How it works — show me the method
Item selection. Closed, spectrum-exhaustive: sample 60–150 real cases covering the full severity range (mild → severe). Convenience samples that miss the extremes are the cardinal failure. This is the case-based analogue of Strength-Spread §1.1 — the case set must span the dimension.
What you compare. Items are cases (images/radiographs/vignettes/multimodal packets), not variables. The latent dimension is severity; everything in the packet that informs severity is fair game.
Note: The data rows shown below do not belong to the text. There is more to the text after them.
Lemma tail_err_small (T beta : R) : 1 <= T -> 0 < beta ->
  exists N, forall n s, (N <= n)%nat -> 1 <= s <= T -> INR d * Rabs (err n s) <= beta.
Proof.
  intros HT Hbeta.
  assert (Hdpos : 0 < INR d) by (apply lt_0_INR; lia).
  set (q := beta / INR d).
  assert (Hq : 0 < q) by (apply Rdiv_lt_0_compat; lra).
  destruct (INR_archimed q (init_mass + T) Hq) as [N1 HN1].
  destruct (pow_lt_1_zero lambda ltac:(rewrite Rabs_right; lra) q Hq) as [N2 HN2].
  exists (S (Nat.max N1 N2)); intros n s Hn Hs; destruct n as [|m]; [lia|].
  pose proof (v_between_0_1 s (S m) ltac:(lra)).
  pose proof (vstar_bounds (S m)).
  assert (Hv : v (S m) s <= q).
  { pose proof (tail_le m s ltac:(lra)).
    assert (INR N1 <= INR (S m)) by (apply le_INR; lia).
    destruct (Rle_dec (v (S m) s) q) as [|Hgt]; [assumption|].
    pose proof (pos_INR N1).
    assert (INR N1 * q <= INR (S m) * v (S m) s) by (apply Rmult_le_compat; lra).
    lra. }
  assert (Hvs : vs (S m) <= q).
  { specialize (HN2 (S m) ltac:(lia)).
    rewrite Rabs_right in HN2 by (apply Rle_ge, pow_le; lra); lra. }
  assert (Rabs (err (S m) s) <= q) by (unfold err; apply Rabs_le; lra).
  replace beta with (INR d * q) by (unfold q; field; lra).
  apply Rmult_le_compat_l; lra.
Qed.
Comparison structure. Bare-vote, binary forced-choice, no ties (ADR-CLIOH-03) on "which case is more severe?" BIBD allocation; ATRD Round 2 on contested pairs. (DR's "Adaptive CJ for efficiency" → future enhancement; BIBD is the default. With 60–150 cases, pair count is large — consider phased BIBD or r-reduction per Playbook §2, NOT ties.)
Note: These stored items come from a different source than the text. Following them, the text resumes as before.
Lemma geom_exp_ind_le_from j n a :
  geom_exp (ind_le j) a n =
  if Nat.leb j a then 1 else if Nat.leb j (a + n) then (/2)^(j - a) else 0.
Proof.
  revert a; induction n as [|n IH]; intros a; cbn [geom_exp]; unfold ind_le.
  - rewrite Nat.add_0_r; destruct (Nat.leb j a); reflexivity.
  - rewrite IH, <- Nat.add_succ_comm.
    destruct (Nat.leb_spec j a), (Nat.leb_spec j (S a)), (Nat.leb_spec j (S a + n));
      try lia; try lra.
    all: replace (j - a)%nat with (S (j - S a)) by lia; simpl.
    + replace (j - S a)%nat with O by lia; simpl; lra.
    + lra.
Qed.

Lemma geom_exp_ind_le j n : geom_exp (ind_le j) 0 n = (/2)^j * ind_le j n.
Proof.
  rewrite geom_exp_ind_le_from, Nat.sub_0_r; unfold ind_le; simpl.
  destruct j as [|j]; simpl; [ring|]; destruct n as [|n]; [|destruct (Nat.leb j n)]; ring.
Qed.

Lemma tso_move_ST x rpre acc : snd x = ST -> tso_move x rpre acc = dret (rev rpre ++ x :: acc).
Proof.
  intros Hx; destruct rpre as [|p rest]; simpl; [reflexivity|].
  rewrite Hx; destruct (snd p); reflexivity.
Qed.

Lemma dexp_tso_move_LD x rpre acc g : snd x = LD ->
  dexp (tso_move x rpre acc) g =
  geom_exp (fun k => g (rev (skipn k rpre) ++ x :: rev (firstn k rpre) ++ acc))
    0 (leading_stores rpre).
Proof.
  intros Hx; revert acc; induction rpre as [|p rest IH]; intros acc;
    cbn [tso_move leading_stores geom_exp]; [apply dexp_ret|].
  rewrite Hx; destruct (snd p); simpl negb; cbv iota;
    [rewrite dexp_ret; reflexivity|].
  rewrite dexp_app, !dexp_scale, IH, dexp_ret; cbn [geom_exp]; rewrite geom_exp_shift.
  f_equal; f_equal; apply eq_geom_exp; intros k _; simpl.
  rewrite <- !app_assoc; reflexivity.
Qed.

Lemma dexp_tso_move_ST_trailing i pre G :
  dexp (tso_move (i, ST) (rev pre) []) (fun p => G (trailing_stores p)) =
  G (S (trailing_stores pre)).
Proof.
  rewrite tso_move_ST, dexp_ret by reflexivity.
  unfold trailing_stores; rewrite rev_involutive, rev_app_distr; reflexivity.
Qed.

Lemma dexp_tso_move_LD_trailing i pre G :
  dexp (tso_move (i, LD) (rev pre) []) (fun p => G (trailing_stores p)) =
  geom_exp G 0 (trailing_stores pre).
Proof.
  rewrite dexp_tso_move_LD by reflexivity.
  apply eq_geom_exp; intros k Hk.
  destruct (firstn_leading_stores k (rev pre) ltac:(unfold trailing_stores in Hk; lia))
    as [Hst Hlen].
  unfold trailing_stores; rewrite app_nil_r, rev_app_distr; simpl.
  rewrite !rev_involutive, <- app_assoc; cbn [app].
  rewrite leading_stores_app by auto; exact (f_equal G Hlen).
Qed.

Definition tail_prob (m j : nat) : R :=
  settled_exp m (fun pre => ind_le j (trailing_stores pre)).

Lemma tail_prob_0 m : tail_prob m 0 = 1.
Proof.
  induction m as [|m IH]; [unfold tail_prob; rewrite settled_exp_0; reflexivity|].
  unfold tail_prob in *; rewrite settled_exp_S, <- IH; apply eq_settled_exp; intros pre.
  rewrite (dexp_tso_move_ST_trailing _ _ (ind_le 0)),
    (dexp_tso_move_LD_trailing _ _ (ind_le 0)).
  unfold ind_le; cbn [Nat.leb]; rewrite geom_exp_const; field.
Qed.

Lemma tail_prob_S m j :
  tail_prob (S m) (S j) = /2 * tail_prob m j + (/2)^(S (S j)) * tail_prob m (S j).
Proof.
  unfold tail_prob; rewrite settled_exp_S, <- settled_exp_lin; apply eq_settled_exp.
  intros pre; rewrite (dexp_tso_move_ST_trailing _ _ (ind_le (S j))),
    (dexp_tso_move_LD_trailing _ _ (ind_le (S j))), geom_exp_ind_le.
  unfold ind_le at 1 3; simpl; ring.
Qed.

Lemma pos_of_app k A r :
  (forall y, In y A -> fst y <> k) -> pos_of k (A ++ r) = (length A + pos_of k r)%nat.
Proof.
  induction A as [|a A IH]; intros H; simpl; [reflexivity|].
  destruct (Nat.eqb_spec (fst a) k) as [Ha|Ha].
  - exfalso; exact (H a (or_introl eq_refl) Ha).
  - f_equal; apply IH; auto with datatypes.
Qed.

Lemma B_gap m g A mid :
  (forall y, In y (A ++ mid) -> (fst y < crit_load m)%nat) ->
  B m g (A ++ (crit_load m, LD) :: mid ++ [(crit_store m, ST)]) = Nat.eqb (length mid) g.
Proof.
  intros HAS; unfold B, crit_load, crit_store in *.
  assert (HA : forall k, (S m <= k)%nat -> forall y, In y A -> fst y <> k)
    by (intros k Hk y Hy; specialize (HAS y ltac:(auto with datatypes)); lia).
  assert (HS : forall k, (S m <= k)%nat -> forall y, In y mid -> fst y <> k)
    by (intros k Hk y Hy; specialize (HAS y ltac:(auto with datatypes)); lia).
  rewrite !pos_of_app by (apply HA; lia); cbn [pos_of fst].
  rewrite Nat.eqb_refl, (proj2 (Nat.eqb_neq (S m) (S (S m)))) by lia.
  rewrite pos_of_app by (apply HS; lia); cbn [pos_of fst]; rewrite Nat.eqb_refl.
  replace (Nat.max _ _ - Nat.min _ _)%nat with (S (length mid)) by lia; reflexivity.
Qed.

Lemma eqb_ind_le k g : (if Nat.eqb k g then 1 else 0) = ind_le g k - ind_le (S g) k.
Proof.
  unfold ind_le; destruct (Nat.eqb_spec k g), (Nat.leb_spec g k), (Nat.leb_spec (S g) k);
    lia || lra.
Qed.

Lemma dexp_last_round m g (pre : list instr) :
  (forall y, In y pre -> (fst y < crit_load m)%nat) ->
  dexp (tso_settle pre [(crit_load m, LD); (crit_store m, ST)])
    (fun x => if B m g x then 1 else 0) =
  (/2)^g * ind_le g (trailing_stores pre) - (/2)^(S g) * ind_le (S g) (trailing_stores pre).
Proof.
  intros Hpre; cbn [tso_settle]; rewrite dexp_bind, dexp_tso_move_LD by reflexivity.
  rewrite <- !geom_exp_ind_le, <- geom_exp_sub; apply eq_geom_exp; intros k Hk.
  destruct (firstn_leading_stores k (rev pre) (proj2 Hk)) as [_ Hlen].
  rewrite dexp_bind, tso_move_ST, !dexp_ret, rev_involutive, !app_nil_r, <- app_assoc
    by reflexivity; cbn [app].
  rewrite B_gap, length_rev; [rewrite <- Hlen at 2 3; apply eqb_ind_le|].
  intros y; rewrite <- rev_app_distr, firstn_skipn, rev_involutive; apply Hpre.
Qed.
Panel. 15–30 disease experts across institutions (multi-site is important so cutpoints generalize). Stratify by site for subgroup/heterogeneity analysis.
External ground truth. Required. Each case linked to outcomes (e.g., MSKI: length-of-stay, ICU admission, surgical revision, recurrence). This is the defining property — without outcomes you cannot place or validate cutpoints.
Statistical backbone. Frequentist BT for case worths (choix, bootstrap CIs) as the primary scale. Then latent-class / finite-mixture models on the BT scale to identify natural breakpoints, and ROC-based outcome validation of the chosen cutpoints. Bayesian hierarchical warranted when sites are few / case-mix imbalanced (conditional path, ADR-CLIOH-07 draft). Precedent: Phelps et al. 2015 (PMID 25539230); Pedersen et al. 2021 (PMID 34006025).
For researchers — reporting, IRB & grant language
Reporting standards. STARD; COSMIN; CLAIM / TRIPOD-AI if AI-assisted. Pre-register on OSF. LitGuard + DLRP.
IRB / ethics. Human-subjects research. De-identified case bank under data-use agreement; CORTICES central IRB. No PHI in the instrument; aggregate-only public display. No unverified IRB claim in the UI (Hard Rule #7).
Grant-application language.
"Existing ordinal classifications of [condition] (e.g., Schatzker, Tönnis) were developed by unstructured committee consensus and exhibit poor interobserver reliability at exactly the grades where treatment choice diverges. Classification CLIOH derives a continuous Bradley–Terry severity scale from expert pairwise comparisons of real cases — an approach that has dominated ordinal grading in orthopaedic imaging (Pedersen et al. 2021, BMJ Open, AUC 0.97 vs 0.80 for Kellgren–Lawrence) and ophthalmology (i-ROP vascular severity scale, Ophthalmology 2022, PMID 35157950, correlation 0.90 with expert classification) — then places outcome-validated cutpoints to yield a reproducible categorical system."